- Born: December 7, 2005 (age 20) Rehoboth Beach, Delaware, US
- Occupation: Businesswoman
- Known for: Cannabis advocacy

= Rylie Maedler =

American advocate and businesswoman (born 2005)

Rylie Maedler (born December 7, 2005) is a medical cannabis advocate and businesswoman.

== Cannabis advocacy ==
Maedler was born December 7, 2005, in Rehoboth Beach, Delaware, to Janie and Sean Maedler. At age 7, in October 2013, after her parents noticed swelling and lopsidedness in her face, she was diagnosed with aggressive central giant-cell granuloma, a condition which causes tumors, pain, and disfigurement requiring surgery and chemotherapy to manage. After researching alternative solutions, in December 2013, Janie Maedler began treating her daughter using cannabis oil, which at the time was illegal for minors and illegal without prescription in Delaware, acquiring CBD and THC-A oil from dispensaries in other states. Rylie Maedler's tumors began shrinking and her condition stabilized. As of 2022, Rylie Maedler continues to take CBD and THC-A in oil form daily.

Maedler faced stigma in her elementary school for her use of the cannabis derived oils for her treatment. Rylie's Smile Foundation was founded in February 2015 as a 501(c) organization focused on providing health education and advocating for more treatment options for sick children. Maedler and her mother contacted Republican state senator for Delaware Ernesto Lopez to help make medical cannabis legal for children in the state.

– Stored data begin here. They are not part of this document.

(* Two edges [f], [g] witnessing that [v] is neither on the way from [c] nor from [w] to [q]
   would, together with [q], force a cycle in the tree. *)
Lemma between_escape_edges_absurd c q v w f g :
  valid_pt N E c -> valid_pt N E q -> (v < N)%nat -> (w < N)%nat ->
  between c (PV v) (PV w) -> (f < length E)%nat -> (g < length E)%nat ->
  coord f c <> vcoord f v -> coord f q <> vcoord f v ->
  vcoord g w <> vcoord g v -> coord g q <> vcoord g v -> False.
Proof.
  intros Hc Hq Hv Hw Hcvw Hf Hg Hcf Hqf Hwg Hqg.
  assert (Hwf : vcoord f w = vcoord f v).
  { pose proof (Hcvw f Hf) as H.
    apply between_vertex_iff in H; auto; simpl; auto. tauto. }
  assert (Hcg : coord g c = vcoord g v).
  { pose proof (Hcvw g Hg) as H.
    apply between_vertex_iff in H; auto; simpl; auto. tauto. }
  assert (Hfg : f <> g) by (intros ->; congruence).
  pose proof (len_pos g Hg).
  destruct (vertex_off_sides c f g (vcoord f v) (len g - vcoord g v) Hc Hf Hg Hfg
    (vcoord_cases f v)) as [wc [Hwc [Hwcf Hwcg]]]; auto.
  { destruct (vcoord_cases g v) as [-> | ->]; [right|left]; ring. }
  { rewrite Hcg. destruct (vcoord_cases g v) as [-> | ->]; lra. }
  destruct (vertex_off_sides q f g (vcoord f v) (vcoord g v) Hq Hf Hg Hfg
    (vcoord_cases f v) (vcoord_cases g v) Hqf Hqg) as [wq [Hwq [Hwqf Hwqg]]].
  assert (Hwcg' : vcoord g wc = vcoord g v).
  { destruct (vcoord_cases g v) as [A|A]; destruct (vcoord_cases g wc) as [B|B];
      rewrite A, B in *; lra. }
  destruct (Req_dec_T (vcoord g (src f)) (vcoord g v)) as [Heq|Hne].
  - assert (vcoord g w = vcoord g wq)
      by (apply (eq_of_two_values _ _ (vcoord g v) (len g)); auto using vcoord_cases).
    assert (vcoord f w = vcoord f wq) by (apply (vcoord_same_side g f w wq); auto; congruence).
    congruence.
  - assert (vcoord f v = vcoord f wc) by (apply (vcoord_same_side g f v wc); auto).
    congruence.
Qed.

Lemma between_dichotomy c q v w :
  valid_pt N E c -> valid_pt N E q -> (v < N)%nat -> (w < N)%nat ->
  between c (PV v) (PV w) -> between c (PV v) q \/ between (PV w) (PV v) q.
Proof.
  intros Hc Hq Hv Hw Hcvw. apply NNPP. intros Hn. apply not_or_and in Hn.
  destruct Hn as [Hn1 Hn2].
  apply not_all_ex_not in Hn1. destruct Hn1 as [f Hn1]. apply imply_to_and in Hn1.
  apply not_all_ex_not in Hn2. destruct Hn2 as [g Hn2]. apply imply_to_and in Hn2.
  destruct Hn1 as [Hf Hn1], Hn2 as [Hg Hn2].
  rewrite between_vertex_iff in Hn1, Hn2 by (simpl; auto).
  apply not_or_and in Hn1. apply not_or_and in Hn2.
  exact (between_escape_edges_absurd c q v w f g Hc Hq Hv Hw Hcvw Hf Hg
    (proj1 Hn1) (proj2 Hn1) (proj1 Hn2) (proj2 Hn2)).
Qed.

(* Convexity of [tdist _ q] along the path from [c] to [w]. *)
Lemma tdist_convex c q v w : valid_pt N E c -> valid_pt N E q -> (v < N)%nat -> (w < N)%nat ->
  between c (PV v) (PV w) ->
  (tdist c (PV v) + tdist (PV v) (PV w)) * tdist (PV v) q <=
     tdist (PV v) (PV w) * tdist c q + tdist c (PV v) * tdist (PV w) q.
Proof.
  intros Hc Hq Hv Hw Hcvw.
  pose proof (tdist_nonneg c (PV v)). pose proof (tdist_nonneg (PV v) (PV w)).
  pose proof (tdist_triangle (PV v) (PV w) q). pose proof (tdist_triangle (PV v) c q).
  rewrite (tdist_sym (PV v) c) in H2.
  destruct (between_dichotomy c q v w Hc Hq Hv Hw Hcvw) as [Hd|Hd];
    apply tdist_between in Hd.
  - rewrite <- Hd. nra.
  - rewrite (tdist_sym (PV w)) in Hd. rewrite <- Hd. nra.
Qed.

Lemma edge_end_toward e y : (e < length E)%nat ->
  exists x, (x = src e \/ x = dst e) /\ vcoord e x = vcoord e y.
Proof.
  intros He. destruct (vcoord_cases e y) as [A|A].
  - exists (src e). rewrite vcoord_src; auto.
  - exists (dst e). rewrite vcoord_dst; auto.
Qed.

Lemma vcoord_edge_end f e x : (e < length E)%nat -> f <> e -> (x = src e \/ x = dst e) ->
  vcoord f x = vcoord f (src e).
Proof. intros He Hfe [-> | ->]; auto. symmetry; apply vcoord_src_dst; auto. Qed.

Lemma edge_end_lt e x : (e < length E)%nat -> (x = src e \/ x = dst e) -> (x < N)%nat.
Proof. intros He [-> | ->]; [apply src_lt|apply dst_lt]; auto. Qed.

Lemma edge_end_between e a y x : (e < length E)%nat -> (a < N)%nat -> (y < N)%nat ->
  vcoord e a <> vcoord e y -> (x = src e \/ x = dst e) -> vcoord e x = vcoord e y ->
  between (PV a) (PV x) (PV y).
Proof.
  intros He Ha Hy Hay Hx Hxy f Hf. destruct (Nat.eq_dec f e) as [->|Hfe].
  { simpl. rewrite Hxy. apply Rbetween_refl_r. }
  rewrite between_vertex_iff by (simpl; auto).
  destruct (Req_dec_T (vcoord f a) (vcoord f x)); auto.
  destruct (Req_dec_T (vcoord f y) (vcoord f x)); auto. exfalso.
  assert (vcoord f a = vcoord f y)
    by (apply (eq_of_two_values _ _ (vcoord f x) (len f)); auto using vcoord_cases).
  apply Hay, (vcoord_same_side f e); auto. rewrite <- (vcoord_edge_end f e x); auto.
Qed.

Lemma edge_point_between e s a y : (e < length E)%nat -> (a < N)%nat -> (y < N)%nat ->
  0 <= s <= len e -> vcoord e a <> vcoord e y -> between (PV a) (PE e s) (PV y).
Proof.
  intros He Ha Hy Hs Hay f Hf. destruct (Nat.eq_dec f e) as [->|Hfe].
  - rewrite coord_PE_self. simpl. pose proof (len_pos e He).
    destruct (vcoord_cases e a) as [A|A], (vcoord_cases e y) as [B|B];
      rewrite A, B in *; try congruence; unfold Rbetween, Rabs; repeat destruct Rcase_abs; lra.
  - destruct (edge_end_toward e y He) as [x [Hx Hxy]].
    rewrite coord_PE_other, <- (vcoord_edge_end f e x) by auto.
    apply (edge_end_between e a y x); auto.
Qed.

Lemma tdist_lt_edge_end c e x z : valid_pt N E c -> (e < length E)%nat ->
  (x = src e \/ x = dst e) -> (z < N)%nat ->
  coord e c = vcoord e x -> vcoord e x <> vcoord e z -> tdist c (PV x) < tdist c (PV z).
Proof.
  intros Hc He Hx Hz Hcx Hxz. unfold tdist. apply (sumR_lt _ _ _ e); auto.
  - intros f Hf. simpl. destruct (Nat.eq_dec f e) as [->|Hfe].
    { rewrite Hcx, Rminus_diag, Rabs_R0. apply Rabs_pos. }
    destruct (Req_dec_T (vcoord f x) (vcoord f z)) as [->|Hne]; [lra|].
    destruct (Req_dec_T (coord f c) (vcoord f x)) as [->|Hne'].
    { rewrite Rminus_diag, Rabs_R0. apply Rabs_pos. }
    exfalso.
    destruct (vertex_off_sides c f e (vcoord f x) (vcoord e z) Hc Hf He Hfe
      (vcoord_cases f x) (vcoord_cases e z) Hne' ltac:(congruence)) as [r [Hr [Hrf Hre]]].
    assert (vcoord f r = vcoord f z)
      by (apply (eq_of_two_values _ _ (vcoord f x) (len f)); auto using vcoord_cases).
    apply Hre, (vcoord_same_side f e); auto.
    rewrite <- (vcoord_edge_end f e x); congruence.
  - simpl. rewrite Hcx, Rminus_diag, Rabs_R0. apply Rabs_pos_lt. lra.
Qed.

Introduced by Lopez and co-sponsored by Pete Schwartzkopf, Senate Bill 90, also known was "Rylie's Law", was passed by the Delaware Senate unanimously on June 2, 2015. The bill permitted the use of cannabis based oils to treat epilepsy and dystonia in children. "Rylie's Law" was approved in the House on June 11 and signed into law by the Governor on June 23. On June 9, 2016, Senate Bill 181 was passed unanimously by the Delaware Senate unanimously, allowing students to use prescribed cannabis oil in schools, also advocated for by Maedler, who had to walk off school grounds to take her own medicine. It passed the House on June 16 and was signed into law by the Governor on September 7.

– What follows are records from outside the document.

(* (1) -> (2): no obstruction of height <= m maps to H_(m+1)^*. *)
Lemma bounded_height_crushed_hom (H : digraph) :
  bounded_height_tree_duality H -> exists n, 1 <= n /\ hom (crushed H n) H.
Proof.
case=> m [F [F_tree FC]]; exists m.+1; split=> //.
apply/FC => -[T [FT T_crushed]].
have [[_ _ _ conn _] [k [km T_path]]] := F_tree T FT.
apply: (obstruction_not_hom FC FT).
exact: (@crushed_tree_hom H m.+1 isT T k km conn T_path T_crushed).
Qed.

Lemma card_set_sum (U : finType) (P : pred U) : #|[set x | P x]| = \sum_x (P x : nat).
Proof. by rewrite -sum1dep_card big_mkcond /=; apply: eq_bigr => x _; case: (P x). Qed.

(* Every oriented tree is balanced, i.e. maps to a directed path.  We work with
   a vertex set S inducing a connected subgraph with fewer arcs than vertices,
   and remove leaves one at a time. *)
Section Balanced.
Variable T : digraph.
Hypothesis irr : forall x : vert T, ~~ arc x x.
Hypothesis asym : forall x y : vert T, arc x y -> ~~ arc y x.

Definition adj_in (S : {set vert T}) : rel (vert T) :=
  fun u v => [&& u \in S, v \in S & und_adj u v].

Definition connected_in (S : {set vert T}) : Prop :=
  forall x y, x \in S -> y \in S -> connect (adj_in S) x y.

Definition arcs_in (S : {set vert T}) : nat :=
  #|[set p : vert T * vert T | [&& arc p.1 p.2, p.1 \in S & p.2 \in S]]|.

Definition nbhd (S : {set vert T}) (x : vert T) : {set vert T} := [set y | adj_in S x y].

In December 2017, Rylie's Smile Foundation succeeded in petitioning for autism to be added to the list of qualifying conditions for access to medical cannabis in Delaware.

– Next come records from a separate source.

(* Let $G$ be a graph, $O\subseteq V(G)$, $r$ and $m$ non-negative integers, and $\prec$ a linear ordering of $V(G)$. Let $O'$ be the set of all $(r,\prec,m,O)$-rich vertices of $G$. If the weak $r$-coloring number of $(G,\prec)$ is at most $b$, then $|O'|\le \frac{b}{m}|O|$.
   Context: For a linear ordering $\prec$ of $V(G)$ and a non-negative integer $r$, a vertex $u$ is weakly $(r,\prec)$-reachable from a vertex $v\succeq u$ if there is a path $P$ in $G$ from $v$ to $u$ of length at most $r$ such that all vertices of $V(P)\setminus\{u\}$ are greater than $u$ in $\prec$. $L_{r,\prec}(v)$ is the set of vertices weakly $(r,\prec)$-reachable from $v$, and $R_{r,\prec}(u)$ is the set of vertices $v$ from which $u$ is weakly $(r,\prec)$-reachable. The weak $r$-coloring number of $(G,\prec)$ is $\max_{v\in V(G)}|L_{r,\prec}(v)|$. For $O\subseteq V(G)$ and a non-negative integer $m$, a vertex $v$ is $(r,\prec,m,O)$-rich if $|R_{r,\prec}(v)\cap O|\ge m$. *)

From mathcomp Require Import all_boot all_order all_algebra.
From mathcomp Require Import boolp.
Set Implicit Arguments. Unset Strict Implicit. Unset Printing Implicit Defensive.

Section WReach.
Variables (T : finType) (e : rel T) (prec : rel T).

Definition simple_graph := symmetric e /\ irreflexive e.

Definition strict_linear_order :=
  [/\ irreflexive prec, transitive prec & forall x y, x != y -> prec x y || prec y x].

Definition wreach (r : nat) (v u : T) : Prop :=
  exists p : seq T,
    [/\ path e v p, last v p = u, uniq (v :: p), size p <= r
      & all (fun w => (w == u) || prec u w) (v :: p)].

Definition Lset (r : nat) (v : T) : {set T} := [set u | `[< wreach r v u >]].
Definition Rset (r : nat) (u : T) : {set T} := [set v | `[< wreach r v u >]].

Definition wcol (r : nat) : nat := \max_(v : T) #|Lset r v|.

Definition rich (r m : nat) (O : {set T}) (v : T) : bool := m <= #|Rset r v :&: O|.

End WReach.

From mathcomp Require Import all_boot all_order all_algebra.
Set Implicit Arguments. Unset Strict Implicit. Unset Printing Implicit Defensive.
Import GRing.Theory Num.Theory.
Local Open Scope ring_scope.

(* Double counting of the pairs (u, v) with u rich, v in O and v weakly
   r-reaching u: each rich u accounts for at least m of them, while each
   v in O reaches at most wcol r <= b vertices, so m |O'| <= b |O|. *)

Lemma exchange_sum_card (I J : finType) (R : I -> J -> bool) (A : {set I}) (B : {set J}) :
  (\sum_(i in A) #|[set j in B | R i j]| = \sum_(j in B) #|[set i in A | R i j]|)%N.
Proof.
have cardE (K : finType) (C : {set K}) (P : pred K) :
    #|[set k in C | P k]| = (\sum_(k in C) P k)%N.
  rewrite -sum1_card big_mkcond [RHS]big_mkcond; apply: eq_bigr => k _.
  by rewrite inE; case: (k \in C); case: (P k).
under eq_bigr do rewrite cardE.
by rewrite exchange_big; apply: eq_bigr => j _; rewrite cardE.
Qed.

Section RichVertices.
Variables (T : finType) (e prec : rel T) (r : nat).

Lemma mem_Rset u v : (v \in Rset e prec r u) = (u \in Lset e prec r v).
Proof. by rewrite !inE. Qed.

Lemma card_Lset_le_wcol v : (#|Lset e prec r v| <= wcol e prec r)%N.
Proof. exact: (leq_bigmax_cond v). Qed.

Lemma card_rich_le_wcol (O : {set T}) (m : nat) :
  (m * #|[set u | rich e prec r m O u]| <= #|O| * wcol e prec r)%N.
Proof.
set O' := [set u | _].
have rich_count : (m * #|O'| <= \sum_(u in O') #|[set v in O | v \in Rset e prec r u]|)%N.
  rewrite mulnC -sum_nat_const; apply: leq_sum => u; rewrite inE /rich.
  suff -> : [set v in O | v \in Rset e prec r u] = Rset e prec r u :&: O by [].
  by apply/setP => v; rewrite !inE andbC.
apply: (leq_trans rich_count); rewrite exchange_sum_card -sum_nat_const.
apply: leq_sum => v _; apply: leq_trans (card_Lset_le_wcol v).
by apply: subset_leq_card; apply/subsetP => u; rewrite inE -mem_Rset => /andP[].
Qed.

End RichVertices.

Theorem mainTheorem3 (T : finType) (e prec : rel T) (O : {set T}) (r m b : nat) :
  simple_graph e -> strict_linear_order prec -> (0 < m)%N ->
  (wcol e prec r <= b)%N ->
  (#|[set v | rich e prec r m O v]|%:R : rat) <= (b%:R / m%:R) * #|O|%:R.
Proof.
move=> _ _ m_gt0 wcol_le_b.
have count_le : (m * #|[set v | rich e prec r m O v]| <= #|O| * b)%N.
  exact: leq_trans (card_rich_le_wcol e prec r O m) (leq_mul (leqnn _) wcol_le_b).
rewrite mulrAC ler_pdivlMr ?ltr0n // -!natrM ler_nat.
by rewrite mulnC (mulnC b).
Qed.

In 2020, she appeared in the documentary CBD Nation, a film exploring the medical value of cannabis.

== Rylie's Sunshine ==
In July 2017, Maedler founded Rylie's Sunshine, a for-profit company to produce cannabis oil. The company bought a farm in Birdsnest, Virginia. 4,884 cannabis plants were donated by Front Range Biosciences, a Colorado-based agricultural biotech company, for Rylie's Sunshine's first hemp harvest in 2020.